系列课程 ElasticSearch 之第 7 篇 —— ElasticSearch 集群概念,如何在 Windows 下创建 ES 集群(7.12版本)

 

ElasticSearch 为什么要集群?

现在已经是大数据时代,一个拥有百万级用户的网站,随着业务量的增量式爆发,必须要考虑使用集群,否则一旦QPS(Query Per Second,每秒查询率,即并发量)或者TPS(Throughput Per Second,吞吐量)上来,ES 在单台服务器节点上,就会导致服务瓶颈(查询效率低,内存不足等),用户体验感差,甚至导致服务宕机。因此需要 ES 集群。ES 将单个索引的分片到多个不同分布式物理机器上存储,从而可以实现高可用、容错性(主分片对应的备分片不在同一台节点存放)等。

 

ElasticSearch 的相关名词

1、Cluster代表一个集群,集群中有多个节点,其中有一个为主节点,这个主节点是可以通过选举产生的,主从节点是对于集群内部来说的。ES 的一个概念就是去中心化,字面上理解就是无中心节点,这是对于集群外部来说的,因为从外部来看 ES 集群,在逻辑上是个整体,你与任何一个节点的通信和与整个 ES 集群通信是等价的。

2、Shards代表索引分片,ES 可以把一个完整的索引分成多个分片,这样的好处是可以把一个大的索引拆分成多个,分布到不同的节点上。构成分布式搜索。分片的数量只能在索引创建前指定,并且索引创建后不能更改,否则ES无法查询到数据。

3、Replicas代表索引副本,ES可以设置多个索引的副本,副本的作用一是提高系统的容错性,当某个节点某个分片损坏或丢失时可以从副本中恢复。二是提高ES的查询效率,ES会自动对搜索请求进行负载均衡。

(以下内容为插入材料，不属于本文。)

Lemma arc_hole x J k : x \notin hole_set m c -> 3 <= k -> k + 3 <= m ->
  e x (cv m c J) -> e x (cv m c (J + k)) -> (forall t, 0 < t < k -> ~~ e x (cv m c (J + t))) ->
  is_hole e k.+2 (fun t => if t <= k then cv m c (J + t) else x).
Proof.
move=> x_out k_ge3 k_le x0 xk x_gap.
have xE a : a <= k -> e x (cv m c (J + a)) = (a == 0) || (a == k).
  move=> le_ak; case: (posnP a) => [->|a_gt0]; first by rewrite addn0 x0.
  case: (ltngtP a k) => [lt_ak|gt_ak|->]; [|lia|by rewrite xk orbT].
  by rewrite (negbTE (x_gap a _)) ?a_gt0 //; apply/esym/negbTE; lia.
have cv_neq t : cv m c (J + t) != x.
  by apply/eqP => cv_x; move: x_out; rewrite -cv_x (cv_in_hole c_hole).
split; first lia.
split=> a b lt_a lt_b.
  case: (leqP a k) => le_ak; case: (leqP b k) => le_bk.
  - by move/eqP; rewrite (eq_cv_offset c_hole) => [/eqP||]; lia.
  - by move/eqP; rewrite (negbTE (cv_neq a)).
  - by move/esym/eqP; rewrite (negbTE (cv_neq b)).
  - lia.
have modS t : t <= k -> t.+1 %% k.+2 = t.+1 by move=> ?; rewrite modn_small; lia.
have wrap : k.+2 %% k.+2 = 0 by rewrite modnn.
case: (leqP a k) => le_ak; case: (leqP b k) => le_bk /=.
- by rewrite (adj_cv_window c_hole) ?modS //; lia.
- have -> : b = k.+1 by lia.
  by rewrite e_sym xE // wrap modS // eqSS [0 == a]eq_sym orbC.
- have -> : a = k.+1 by lia.
  by rewrite xE // wrap modS // eqSS [0 == b]eq_sym.
- have [-> ->] : a = k.+1 /\ b = k.+1 by lia.
  by rewrite e_irr wrap.
Qed.

End HoleSurgery.

Section AlmostBipartitePermutationGraphs.
Variables (T : finType) (e : rel T).
Hypotheses (e_sym : symmetric e) (e_irr : irreflexive e) (e_abp : almost_bip_perm e).

Lemma triangle_free a b d : e a b -> e b d -> e a d -> False.
Proof.
move=> ab bd ad; case: e_abp => _ [_ [_ [noC3 _]]]; apply: noC3.
by induced_by [:: a; b; d]; rewrite ?(e_sym b a) ?(e_sym d a) ?(e_sym d b).
Qed.

Lemma shortest_hole_ge10 m c : shortest_hole e m c -> 10 <= m.
Proof.
case=> [[m_ge5 [c_inj c_adj]] _]; rewrite leqNgt; apply/negP => m_le9.
case: e_abp => _ [_ [_ [_ noC]]]; apply: (noC m); first by lia.
exists (fun k : 'I_m => c k); split=> [a b /(c_inj _ _ (ltn_ord a) (ltn_ord b))|a b].
  exact: val_inj.
exact: c_adj.
Qed.

Section PathConfigurations.
Variable d : nat -> T.
Hypothesis d_path : forall a b, a < 8 -> b < 8 -> e (d a) (d b) = (a.+1 == b) || (b.+1 == a).

Lemma no_T2_spider x : e x (d 0) -> e x (d 4) -> e x (d 6) ->
  ~~ e x (d 1) -> ~~ e x (d 3) -> ~~ e x (d 7) -> False.
Proof.
move=> x0 x4 x6 /negbTE x1 /negbTE x3 /negbTE x7; case: e_abp => noT2 _; apply: noT2.
by induced_by [:: x; d 1; d 3; d 7; d 0; d 4; d 6]; rewrite ?d_path.
Qed.

Lemma no_X2_twins a b y :
  (forall t, t < 5 -> t != 2 -> e a (d t) = odd t) ->
  (forall t, t < 5 -> t != 2 -> e b (d t) = odd t) ->
  ~~ e a b -> e y b -> ~~ e y a -> (forall t, t < 5 -> t != 2 -> ~~ e y (d t)) -> False.
Proof.
move=> a_tr b_tr /negbTE ab yb /negbTE ya y_out; case: e_abp => _ [noX2 _]; apply: noX2.
have y_tr t : t < 5 -> t != 2 -> e y (d t) = false by move=> *; apply/negbTE/y_out.
induced_by [:: d 1; b; d 3; a; d 0; y; d 4];
  (by rewrite ?d_path ?a_tr ?b_tr ?y_tr) || by rewrite e_sym ?d_path ?a_tr ?b_tr ?y_tr.
Qed.

Lemma pendant_nbr_flank w x : (forall t, t < 5 -> e w (d t) = (t == 2)) -> e w x ->
  e x (d 1) || e x (d 3).
Proof.
move=> w_tr wx; apply/negPn/negP; rewrite negb_or => /andP [/negbTE x1 /negbTE x3].
have x2 : e x (d 2) = false.
  by apply/negP => x2; apply: (triangle_free wx x2); rewrite w_tr.
have [noT2 [_ [_ [_ noC]]]] := e_abp.
case x4: (e x (d 4)).
  apply: (noC 5) => //; induced_by [:: w; d 2; d 3; d 4; x];
    (by rewrite ?d_path ?w_tr) || by rewrite e_sym ?d_path ?w_tr.
case x0: (e x (d 0)).
  apply: (noC 5) => //; induced_by [:: w; d 2; d 1; d 0; x];
    (by rewrite ?d_path ?w_tr) || by rewrite e_sym ?d_path ?w_tr.
apply: noT2; induced_by [:: d 2; x; d 0; d 4; w; d 1; d 3];
  (by rewrite ?d_path ?w_tr) || by rewrite e_sym ?d_path ?w_tr.
Qed.

End PathConfigurations.

Section ShortestHole.
Variables (m : nat) (c : nat -> T).
Hypothesis c_short : shortest_hole e m c.

Let c_hole : is_hole e m c := c_short.1.
Let m_ge10 : 10 <= m := shortest_hole_ge10 c_short.
Local Notation trace := (hole_trace e m c).

Lemma shortest_hole_path j : forall a b, a < 8 -> b < 8 ->
  e (cv m c (j + a)) (cv m c (j + b)) = (a.+1 == b) || (b.+1 == a).
Proof. by move=> a b lt_a8 lt_b8; rewrite (adj_cv_window c_hole); lia. Qed.

Lemma hole_nbr_gap x J : x \notin hole_set m c -> e x (cv m c J) -> ~~ e x (cv m c (J + 2)) ->
  forall k, 0 < k -> k + 2 < m -> ~~ e x (cv m c (J + k)).
Proof.
move=> x_out x0 x2 k k_gt0 lt_km; apply/negP => xk.
pose P k := [&& 0 < k, k + 2 < m & e x (cv m c (J + k))].
have exP : exists k, P k by exists k; rewrite /P k_gt0 lt_km xk.
case: (ex_minnP exP) => k1 /and3P [k1_gt0 lt_k1m xk1] k1_min.
case: (ltngtP k1 2) => [lt_k1_2|gt_k1_2|k1_2]; last by rewrite -k1_2 xk1 in x2.
  have k1_1 : k1 = 1 by lia.
  apply: (triangle_free x0 _ xk1); rewrite k1_1 -{1}(addn0 J) (adj_cv_window c_hole) //; lia.
suff: m <= k1.+2 by lia.
apply: c_short.2 (arc_hole e_sym e_irr c_hole x_out _ _ x0 xk1 _); try lia.
move=> t /andP [t_gt0 lt_tk1]; apply/negP => xt.
suff: k1 <= t by lia.
by apply: k1_min; rewrite /P t_gt0 xt andbT; lia.
Qed.

Lemma hole_nbrs_apart x J a b : e x (cv m c (J + a)) -> e x (cv m c (J + b)) ->
  a < 9 -> b < 9 -> (a.+1 != b) && (b.+1 != a).
Proof.
move=> xa xb lt_a9 lt_b9; rewrite -negb_or -(adj_cv_window c_hole J); try lia.
by apply/negP => /(triangle_free xa)/(_ xb).
Qed.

4、Recovery代表数据恢复或叫数据重新分布,ES在有节点加入或退出时会根据机器的负载对索引分片进行重新分配,挂掉的节点重新启动时也会进行数据恢复。

 

ElasticSearch 如何解决高并发?

ES是一个分布式全文检索框架,隐藏了复杂的处理机制,内部使用分片机制集群发现分片负载均衡请求路由

Shards 分片:代表索引分片,ES 可以把一个完整的索引分成多个分片,这样的好处是可以把一个大的索引拆分成多个,分布到不同的节点上,构成分布式搜索分片的数量只能在索引创建前指定并且索引创建后不能更改(这是 ES 的数据路由决定:如果 number_of_primary_shards 在查询的时候取余发生的变化,无法获取到该数据)。

Replicas分片:代表索引副本,ES 可以设置多个索引的副本,副本的作用一是提高系统的容错性,当某个节点某个分片损坏或丢失时可以从副本中恢复。二是提高 ES 的查询效率,ES会自动对搜索请求进行负载均衡。

 

主分片:primary shards

副分片:replics shards

 

ES集群核心原理分析

1、每个索引会被分成多个分片 Shards 进行存储,默认创建索引时分配5个分片进行存储,每个分片都会分布式部署在多个不同的节点上进行部署,该分片成为 Primary Shards 主分片。    

查看索引分片信息 http://IP地址/索引名/_settings   下面演示的是单机版

 

注意:索引的主分片数量定义好后,不能被修改

2、每一个主分片为了实现高可用,都会有自己对应的备分分片主分片对应的备分片不能存放同一台服务器上,主分片可以和其他备分片存放在同一个node节点上(这就是 ES 的容错性)。在节点服务器上,既可以存放主分片,也可以存放备分片。

 

ElasticSearch documnet routing(数据路由)

当客户端发起创建 document 的时候,ES 需要确定这个 document 放在该 index 哪个 shard 上。这个过程就是数据路由。

路由算法(取余算法):Shard = hash(routing) % number_of_primary_shards     其中,number_of_primary_shards 表示主分片数量。ES 使用文档的唯一 ID 做哈希,然后对主分片数量求余数,得到该 index 放在分片的位置。

ES 集群查询的时候,也是根据路由算法(取余算法)计算该ID所在的分片位置,去到对应的分片去查询。如果集群有2台机器,用户访问了A机器,而A上没有此文档的信息,ES 会自动转发到B机器上。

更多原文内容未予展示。